Theorem theorem2p2 (n : nat) :
  0 < n -> 4 %| n ->
  [/\ triangle_family (Tstar n),
      #|Tstar n| = n ^ 2 %/ 8,
      ~ has_rainbow (Tstar n) &
      forall (V : finType) (F : {set {set V}}),
        #|V| = n -> triangle_family F -> #|F| = n ^ 2 %/ 8 ->
        ~ has_rainbow F ->
        exists f : 'I_n -> V, bijective f /\ F = [set f @: t | t : {set 'I_n} in Tstar n]].
Proof.
move=> n_gt0 /dvdnP[k n_eq]; have n4k : n = 4 * k by rewrite n_eq mulnC.
have k_gt0 : 0 < k by lia.
have -> : n ^ 2 %/ 8 = 2 * k ^ 2.
  by rewrite n4k -(mulnK (2 * k ^ 2) (_ : 0 < 8)) //; congr divn; lia.
have matchT := Tstar_matching_outside n4k.
split; rewrite ?Tstar_cone.
- exact: cone_family_triangles.
- by rewrite card_cone_family // (card_Tstar_matching n4k) (card_Tstar_rest n4k); lia.
- exact: cone_family_no_rainbow.
move=> V F cardV triF cardF no_rb.
have [M [R [matchM cardM cardR ->]]] :=
  extremal_family_is_cone k_gt0 (etrans cardV n4k) triF cardF no_rb.
have [f [f_bij f_T]] := relabel_cone_family k_gt0 n4k cardV matchM cardM cardR.
by exists f; rewrite -Tstar_cone f_T.
Qed.
Theorem theorem2p1 (R : realType) (A : algType R[i]%C) (nrm : A -> R)
    (hA : is_banach_algebra_norm nrm)
    (x1 x2 x3 : A) (alpha1 alpha2 beta : R[i]%C)
    (hM : ~ ((beta = 0 /\ alpha1 * alpha2 != 0) \/
             (alpha2 = 0 /\ beta = 0 /\ alpha1 != 0)))
    (h1 : x1 * x2 + x1 * x3 + x2 * x3 = alpha1%:A + alpha2 *: (x1 + x2 + x3))
    (h2 : x1 * x2 * x3 = beta *: (x1 + x2 + x3)) :
  [/\ (drazin_invertible x2 -> drazin_invertible x3 ->
         drazin_invertible (x1 + x2 + x3) -> drazin_invertible x1),
      (drazin_invertible x1 -> drazin_invertible x3 ->
         drazin_invertible (x1 + x2 + x3) -> drazin_invertible x2),
      (drazin_invertible x1 -> drazin_invertible x2 ->
         drazin_invertible (x1 + x2 + x3) -> drazin_invertible x3) &
      (drazin_invertible x1 -> drazin_invertible x2 ->
         drazin_invertible x3 -> drazin_invertible (x1 + x2 + x3))].
Proof.
have [e [Q0 [R0 [Q_eq Q00 R_eq R0_neq0]]]] := Xadic_valuation_lt hM.
have sum_divXnP : drazin_invertible (x1 + x2 + x3) <->
    divXn (('X - x1%:P) * ('X - x2%:P) * ('X - x3%:P)).
  rewrite (cubic_factorization h1 h2).
  exact: drazin_invertible_divXnP Q_eq Q00 R_eq R0_neq0.
split.
- move=> /drazin_invertible_XsubC d2 /drazin_invertible_XsubC d3 /sum_divXnP d123.
  by apply/drazin_invertible_XsubC/(divXn_cancelr _ (divXnM d2 d3)); rewrite mulrA.
- move=> /drazin_invertible_XsubC d1 /drazin_invertible_XsubC d3 /sum_divXnP d123.
  apply/drazin_invertible_XsubC/(divXn_cancelr _ d3)/(divXn_cancell _ d1).
  by rewrite mulrA.
- move=> /drazin_invertible_XsubC d1 /drazin_invertible_XsubC d2 /sum_divXnP d123.
  exact/drazin_invertible_XsubC/(divXn_cancell d123 (divXnM d1 d2)).
- move=> /drazin_invertible_XsubC d1 /drazin_invertible_XsubC d2.
  move=> /drazin_invertible_XsubC d3.
  exact/sum_divXnP/divXnM/d3/divXnM.
Qed.
Theorem lemma3p8
  (T : finType) (relH : seq (word T)) (p : nat) (d : 'I_p -> T)
  (* R = {d_1,...,d_p} is a subset of T *)
  (Hd_inj : injective d)
  (* F = <R> is free with free basis R in H *)
  (Hfree : forall u v : word 'I_p,
      weq (relsH relH) (ev (eR d) u) (ev (eR d) v) -> weq (@no_rels 'I_p) u v)
  (Delta f : R -> R) (D r0 : R)
  (* Delta is a non-decreasing bijection of [0, oo) *)
  (HDmono : forall x y, 0 <= x -> x <= y -> Delta x <= Delta y)
  (HDpos : forall x, 0 <= x -> 0 <= Delta x)
  (HDinj : forall x y, 0 <= x -> 0 <= y -> Delta x = Delta y -> x = y)
  (HDsurj : forall y, 0 <= y -> exists x, 0 <= x /\ Delta x = y)
  (* Delta is Lipschitz equivalent to Dist_F^H *)
  (HDequiv : exists C : nat, (1 <= C)%N /\
      (forall n m : nat, dist_is relH d (C * n) m -> Delta (INR n) <= INR C * INR m) /\
      (forall n m : nat, dist_is relH d n m -> INR m <= INR C * Delta (INR (C * n))))
  (* Delta(r) >= r for r >= 1 *)
  (HDge : forall x, 1 <= x -> x <= Delta x)
  (* f = Delta^{-1} *)
  (Hfinv : forall x, 0 <= x -> 0 <= f x /\ Delta (f x) = x)
  (* f(|g|_R) <= |g|_T for g in F *)
  (Hflen : forall (w : word 'I_p) (n m : nat),
      is_wlen (relsH relH) (eR d) (ev (eR d) w) n ->
      is_wlen (relsH relH) (@eT T) (ev (eR d) w) m -> f (INR n) <= INR m)
  (HD : 1 < D) (Hr0 : 1 <= r0)
  (* palindromic certificates *)
  (Hpal : forall r : R, r0 <= r ->
      exists w : word 'I_p, reduced w /\ rev w = w /\
        (exists n : nat, is_wlen (relsH relH) (eR d) (ev (eR d) w) n /\
                         r / D <= INR n <= r) /\
        (exists m : nat, is_wlen (relsH relH) (@eT T) (ev (eR d) w) m /\
                         INR m <= D * f r))
  (r : nat) (Hr : r0 <= INR r) :
  exists g0 g1 : word (gen1 T p),
    (* (1) s_2^{-1} g_0 s_2 = g_1 in G_2 *)
    weq (rels2 relH d) ((gs2, true) :: lift1 g0 ++ [:: (gs2, false)]) (lift1 g1) /\
    (* (2) g_0 in F_xz, g_1 in F_yz, with length bounds *)
    (exists n : nat, is_wlen (rels1 relH d) (@eA T p) g0 n /\ INR r / D <= INR n <= INR r) /\
    (exists n : nat, is_wlen (rels1 relH d) (@eB T p) g1 n /\ INR r / D <= INR n <= INR r) /\
    (* (3) a path in Cayley(G_1, S_1) from g_0 to g_1 *)
    (exists w : word (S1gen T p),
       INR (size w) <= D * f (INR r) /\
       weq (rels1 relH d) (g0 ++ ev (@eS1 T p) w) g1 /\
       forall k : nat, (k <= size w)%N ->
         (* k-th vertex is g_0 h with h in H *)
         (exists h : word T,
            weq (rels1 relH d) (g0 ++ ev (@eS1 T p) (take k w)) (g0 ++ liftH p h)) /\
         (* k-th vertex lies outside the open ball of radius r/D about e *)
         (forall v : word (S1gen T p),
            weq (rels1 relH d) (ev (@eS1 T p) v) (g0 ++ ev (@eS1 T p) (take k w)) ->
            INR r / D <= INR (size v))).
Proof.
have [w [_ [w_pal [[n [Hn n_bounds]] [m [[[wT [size_wT wT_w]] _] m_bound]]]]]] :=
  Hpal (INR r) Hr.
rewrite ev_letter_id in wT_w.
exists (ev (@eA T p) w), (ev (@eB T p) w).
split; first exact: conj_s2_eA.
split; first by exists n; split=> //; apply: is_wlen_F_lift Hfree Hn.
split; first by exists n; split=> //; apply: is_wlen_F_lift Hfree Hn.
exists (map (fun x => (sT p x.1, x.2)) (inv_word wT)); split.
  by rewrite size_map size_inv_word size_wT.
split; first by rewrite eS1_sT; apply: eA_liftH_eB.
move=> k _; rewrite -map_take eS1_sT; split; first by exists (take k (inv_word wT)).
move=> v /(wlen_F_le_vertex Hn) n_le_v.
by apply: Rle_trans (proj1 n_bounds) _; apply/le_INR/leP.
Qed.
(* If Dynamic A* (with \texttt{reeval} true or false) uses a dyn-admissible, dyn-monotonic and dyn-consistent dynamic heuristic, then the sequence of values $\hat g+\hat h$ of the entries $\langle s,\hat g,\hat h\rangle$ popped from Open, in the order they are popped, is non-decreasing.
   Context: A transition system is $\mathcal T=\langle S,L,c,T,s_I,S_G\rangle$ with finite states $S$, finite labels $L$, cost function $c:L\to\mathbb R_{\ge0}$, transitions $T\subseteq S\times L\times S$, initial state $s_I$, goal states $S_G\subseteq S$; $h^*(s)$ is the minimal cost of a path from $s$ to a goal ($\infty$ if none). An information source $\sigma$ consists of a set $\mathcal I_\sigma$, $\iota_0^\sigma\in\mathcal I_\sigma$, $\mathrm{update}_\sigma:\mathcal I_\sigma\times T\to\mathcal I_\sigma$, $\mathrm{refine}_\sigma:\mathcal I_\sigma\times S\to\mathcal I_\sigma$. Reachable information: $\iota_n$ is reachable if obtained from $\iota_0^\sigma$ by a sequence of refine steps on states and update steps on transitions $e_1,\dots,e_n$, where each refined state and each origin of an updated transition is $s_I$ or the target of an earlier updated transition. A dynamic heuristic over $\sigma$ is $h:S\times\mathcal I_\sigma\to\mathbb R_{\ge0}\cup\{\infty\}$. It is dyn-admissible if $h(s,\iota)\le h^*(s)$; dyn-consistent if $h(s,\iota)\le c(\ell)+h(s',\iota)$ for all $\langle s,\ell,s'\rangle\in T$; each for all states and all reachable $\iota$; and dyn-monotonic if $h(s,\iota)\le h(s,\mathrm{update}_\sigma(\iota,t))$ and $h(s,\iota)\le h(s,\mathrm{refine}_\sigma(\iota,s'))$ for all reachable $\iota$, all $s,s'\in S$, all $t\in T$. Parent source $\sigma_p$: $\mathcal I_{\sigma_p}$ = partial functions $S\rightharpoonup\mathbb R_{\ge0}\times(T\cup\{\bot\})$; $\iota_0=\{s_I\mapsto\langle0,\bot\rangle\}$; refine is the identity; $\mathrm{update}(\iota,\langle s,\ell,s'\rangle)$ with $\iota(s)=\langle g,\cdot\rangle$ changes only $s'$, setting it to $\langle g+c(\ell),\langle s,\ell,s'\rangle\rangle$ if $\iota(s')$ is undefined or has $g$-component $\ge g+c(\ell)$, otherwise unchanged. Dynamic A* takes $\mathcal T$, sources $\sigma_p,\sigma_h$, a dynamic heuristic $h$ over $\sigma_h$ and a Boolean flag \texttt{reeval}. Notation: at any moment $g(s)$ is the $g$-component of the current $\mathcal I(\sigma_p)(s)$ and $h(s)$ denotes $h(s,\mathcal I(\sigma_h))$ for the current $\mathcal I(\sigma_h)$. Open is a priority queue of entries $\langle s,g,h\rangle$ (duplicates allowed), popped by minimal stored value $g+h$ (ties arbitrary). Algorithm: 1. $\mathcal I(\sigma):=\iota_0^\sigma$ for both sources; $S_{\mathrm{known}}:=\{s_I\}$; Closed $:=\emptyset$; Open empty. If $h(s_I)<\infty$ insert $\langle s_I,g(s_I),h(s_I)\rangle$. 2. While Open is nonempty: pop an entry $\langle s,\hat g,\hat h\rangle$ of minimal $\hat g+\hat h$. If $s\in$ Closed, continue with the next iteration. Otherwise set $\mathcal I(\sigma):=\mathrm{refine}_\sigma(\mathcal I(\sigma),s)$ for both sources. If \texttt{reeval} is true and $\hat h<h(s)$: if $h(s)<\infty$ insert $\langle s,g(s),h(s)\rangle$; continue with the next iteration (this is a re-evaluation). Otherwise add $s$ to Closed ($s$ is expanded). If $s\in S_G$, return the path obtained by following the parent pointers of $\mathcal I(\sigma_p)$ from $s$ back to $s_I$. Otherwise, for each $t=\langle s,\ell,s'\rangle\in T$ in some order: let $old:=g(s')$ if $s'\in S_{\mathrm{known}}$ and undefined otherwise; set $\mathcal I(\sigma):=\mathrm{update}_\sigma(\mathcal I(\sigma),t)$ for both sources; add $s'$ to $S_{\mathrm{known}}$; if $h(s')=\infty$ skip $s'$; else if $old$ is undefined insert $\langle s',g(s'),h(s')\rangle$; else if $old>g(s')$, remove $s'$ from Closed if it is there (reopening) and insert $\langle s',g(s'),h(s')\rangle$. 3. Return ''unsolvable''. *)

From HB Require Import structures.
From mathcomp Require Import all_boot all_order all_algebra.
From mathcomp Require Import constructive_ereal.
Set Implicit Arguments.
Unset Strict Implicit.
Unset Printing Implicit Defensive.
Import Order.TTheory GRing.Theory Num.Theory.
Local Open Scope ring_scope.
Local Open Scope ereal_scope.

Section DynAStar.
Variables (R : realDomainType) (S L : finType).

Definition trans := (S * L * S)%type.
Definition src (t : trans) : S := t.1.1.
Definition lbl (t : trans) : L := t.1.2.
Definition tgt (t : trans) : S := t.2.

Fixpoint goal_path (T : {set trans}) (SG : {set S}) (s : S) (p : seq trans) : bool :=
  match p with
  | [::] => s \in SG
  | t :: p' => [&& t \in T, src t == s & goal_path T SG (tgt t) p']
  end.

Definition path_cost (c : L -> R) (p : seq trans) : R :=
  (\sum_(t <- p) c (lbl t))%R.

(* [le_hstar T c SG s v] : v <= h^*(s), where h^*(s) is the minimal cost of a
   path from s to a goal (+oo if none), i.e. v is below the cost of every such path. *)
Definition le_hstar (T : {set trans}) (c : L -> R) (SG : {set S}) (s : S)
    (v : \bar R) : Prop :=
  forall p, goal_path T SG s p -> v <= (path_cost c p)%:E.

Record info_source := InfoSource {
  info : Type;
  iota0 : info;
  update : info -> trans -> info;
  refine : info -> S -> info }.

(* [reach_info T sI sig i K]: information i is obtained from iota0 by refine steps
   and update steps (on transitions of T), where every refined state and every
   origin of an updated transition is sI or the target of an earlier updated
   transition; K is the set of such admissible states so far. *)
Inductive reach_info (T : {set trans}) (sI : S) (sig : info_source) :
    info sig -> {set S} -> Prop :=
  | RI0 : reach_info T sI (iota0 sig) [set sI]
  | RIref i K s : reach_info T sI i K -> s \in K ->
      reach_info T sI (refine i s) K
  | RIupd i K t : reach_info T sI i K -> t \in T -> src t \in K ->
      reach_info T sI (update i t) (tgt t |: K).

Definition reachable_info (T : {set trans}) (sI : S) (sig : info_source) (i : info sig) : Prop :=
  exists K, reach_info T sI i K.

Definition dyn_heuristic (sig : info_source) (h : S -> info sig -> \bar R) : Prop :=
  forall s i, 0 <= h s i /\ h s i != -oo.

Definition dyn_admissible (T : {set trans}) (c : L -> R) (sI : S) (SG : {set S}) (sig : info_source)
    (h : S -> info sig -> \bar R) : Prop :=
  forall s i, reachable_info T sI (sig := sig) i -> le_hstar T c SG s (h s i).

Definition dyn_consistent (T : {set trans}) (c : L -> R) (sI : S) (sig : info_source)
    (h : S -> info sig -> \bar R) : Prop :=
  forall t i, t \in T -> reachable_info T sI (sig := sig) i ->
    h (src t) i <= (c (lbl t))%:E + h (tgt t) i.

Definition dyn_monotonic (T : {set trans}) (sI : S) (sig : info_source) (h : S -> info sig -> \bar R) : Prop :=
  forall i, reachable_info T sI (sig := sig) i ->
    (forall s t, t \in T -> h s i <= h s (update i t)) /\
    (forall s s', h s i <= h s (refine i s')).

(* partial functions S -> R_{>=0} x (T u {bot}); None = undefined, bot = None *)
Definition pinfo := S -> option (R * option trans).

Definition p_init (sI : S) : pinfo :=
  fun x => if x == sI then Some (0%R, None) else None.
(** H^2 (right H-vector space with H-basis e1, e2) identified with C^4:
    x = e1 (a1 + j b1) + e2 (a2 + j b2)  <->  (a1, b1, a2, b2). *)
Definition i0 : 'I_4 := @Ordinal 4 0 isT.
Definition i1 : 'I_4 := @Ordinal 4 1 isT.
Definition i2 : 'I_4 := @Ordinal 4 2 isT.
Definition i3 : 'I_4 := @Ordinal 4 3 isT.

Definition comp1 (x : 'rV[C]_4) : quat := (x 0 i0, x 0 i1).
Definition comp2 (x : 'rV[C]_4) : quat := (x 0 i2, x 0 i3).
Definition mkH2 (p q : quat) : 'rV[C]_4 :=
  \row_(k < 4) match val k with
               | 0 => p.1 | 1 => p.2 | 2 => q.1 | _ => q.2 end.

Definition rmulH (x : 'rV[C]_4) (q : quat) : 'rV[C]_4 :=
  mkH2 (qmul (comp1 x) q) (qmul (comp2 x) q).
Definition jmap (x : 'rV[C]_4) : 'rV[C]_4 := rmulH x qj.

Definition hform (x y : 'rV[C]_4) : quat :=
  qadd (qmul (qconj (comp1 x)) (comp2 y)) (qmul (qconj (comp2 x)) (comp1 y)).
(* hform = h + j omega *)
Definition hC (x y : 'rV[C]_4) : C := (hform x y).1.
Definition omega (x y : 'rV[C]_4) : C := (hform x y).2.

(** Points of S^4 = HP^1 are quaternionic lines xH, x <> 0.
    [samept x y] : y is a nonzero vector representing the point xH. *)
Definition samept (x y : 'rV[C]_4) : Prop :=
  x != 0 /\ exists q : quat, q != q0 /\ y = rmulH x q.

Definition inS3pt (x : 'rV[C]_4) : Prop := x != 0 /\ hform x x = q0.

(** Moebius transformations: induced by invertible quaternionic 2x2 matrices
    [a b; c d] acting on the left of H^2 (commuting with right scalars). *)
Definition mob (a b c d : quat) (x : 'rV[C]_4) : 'rV[C]_4 :=
  mkH2 (qadd (qmul a (comp1 x)) (qmul b (comp2 x)))
       (qadd (qmul c (comp1 x)) (qmul d (comp2 x))).
Definition mob_invertible (a b c d : quat) : Prop :=
  exists a' b' c' d' : quat,
    (forall x, mob a' b' c' d' (mob a b c d x) = x) /\
    (forall x, mob a b c d (mob a' b' c' d' x) = x).

(** Circle: image under the Moebius map [a b; c d] of the real affine line
    {p + t u : t in R} (u <> 0) in the affine chart q |-> (e1 q + e2)H,
    together with its point at infinity e1 H.
    [oncircle .. x] : the nonzero vector x represents a point of the circle. *)
Definition oncircle (a b c d p u : quat) (x : 'rV[C]_4) : Prop :=
  samept (mob a b c d (mkH2 q1 q0)) x \/
  exists t : R, samept (mob a b c d (mkH2 (qadd p (qmul (qreal t) u)) q1)) x.

(** Points of Q^4 = projective lines of P(C^4), i.e. complex 2-planes,
    given as the row space of a rank-2 matrix W (W represents [v /\ w] for its
    rows v, w); two such represent the same point iff (W == W')%MS. *)
Definition inQ4 (W : 'M[C]_(2, 4)) : Prop := \rank W = 2%N.
Definition jspan (W : 'M[C]_(2, 4)) : 'M[C]_(2, 4) :=
  col_mx (jmap (row 0 W)) (jmap (row 1 W)).
(* Q^3 = P(omega^o) cap Q^4 : omega(v /\ w) = omega(v, w) = 0 *)
Definition inQ3 (W : 'M[C]_(2, 4)) : Prop :=
  inQ4 W /\ omega (row 0 W) (row 1 W) = 0.
(* the points of S^3 inside Q^3 : [x /\ xj] with xH in S^3 *)
Definition isS3inQ3 (W : 'M[C]_(2, 4)) : Prop :=
  exists x : 'rV[C]_4, inS3pt x /\ (W == col_mx x (jmap x))%MS.
Definition inQ3mS3 (W : 'M[C]_(2, 4)) : Prop := inQ3 W /\ ~ isS3inQ3 W.

(** The two-sphere of S^4 associated to {[lambda], [lambda j]} (lambda = W not
    j-fixed): its twistor projection { vH : v in W, v <> 0 }. *)
Definition onsphere (W : 'M[C]_(2, 4)) (x : 'rV[C]_4) : Prop :=
  exists v : 'rV[C]_4, v != 0 /\ (v <= W)%MS /\ samept v x.

End Quaternionic.

From HB Require Import structures.
From mathcomp Require Import all_boot all_order all_algebra.
From mathcomp Require Import complex.
From mathcomp Require Import reals.
From mathcomp Require Import ring.
Import Order.TTheory GRing.Theory Num.Theory.
Local Open Scope ring_scope.
Set Implicit Arguments. Unset Strict Implicit. Unset Printing Implicit Defensive.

====

> **WHAT IS BEING ASKED**
I need every line of the data that has the word "Import"; please list them.

> **REPLY TO THE TASK**
From HB Require Import structures.
From mathcomp Require Import all_boot all_order all_algebra.
From mathcomp Require Import constructive_ereal.
Import Order.TTheory GRing.Theory Num.Theory.
From HB Require Import structures.
From mathcomp Require Import all_boot all_order all_algebra.
From mathcomp Require Import complex.
From mathcomp Require Import reals.
From mathcomp Require Import ring.
Import Order.TTheory GRing.Theory Num.Theory.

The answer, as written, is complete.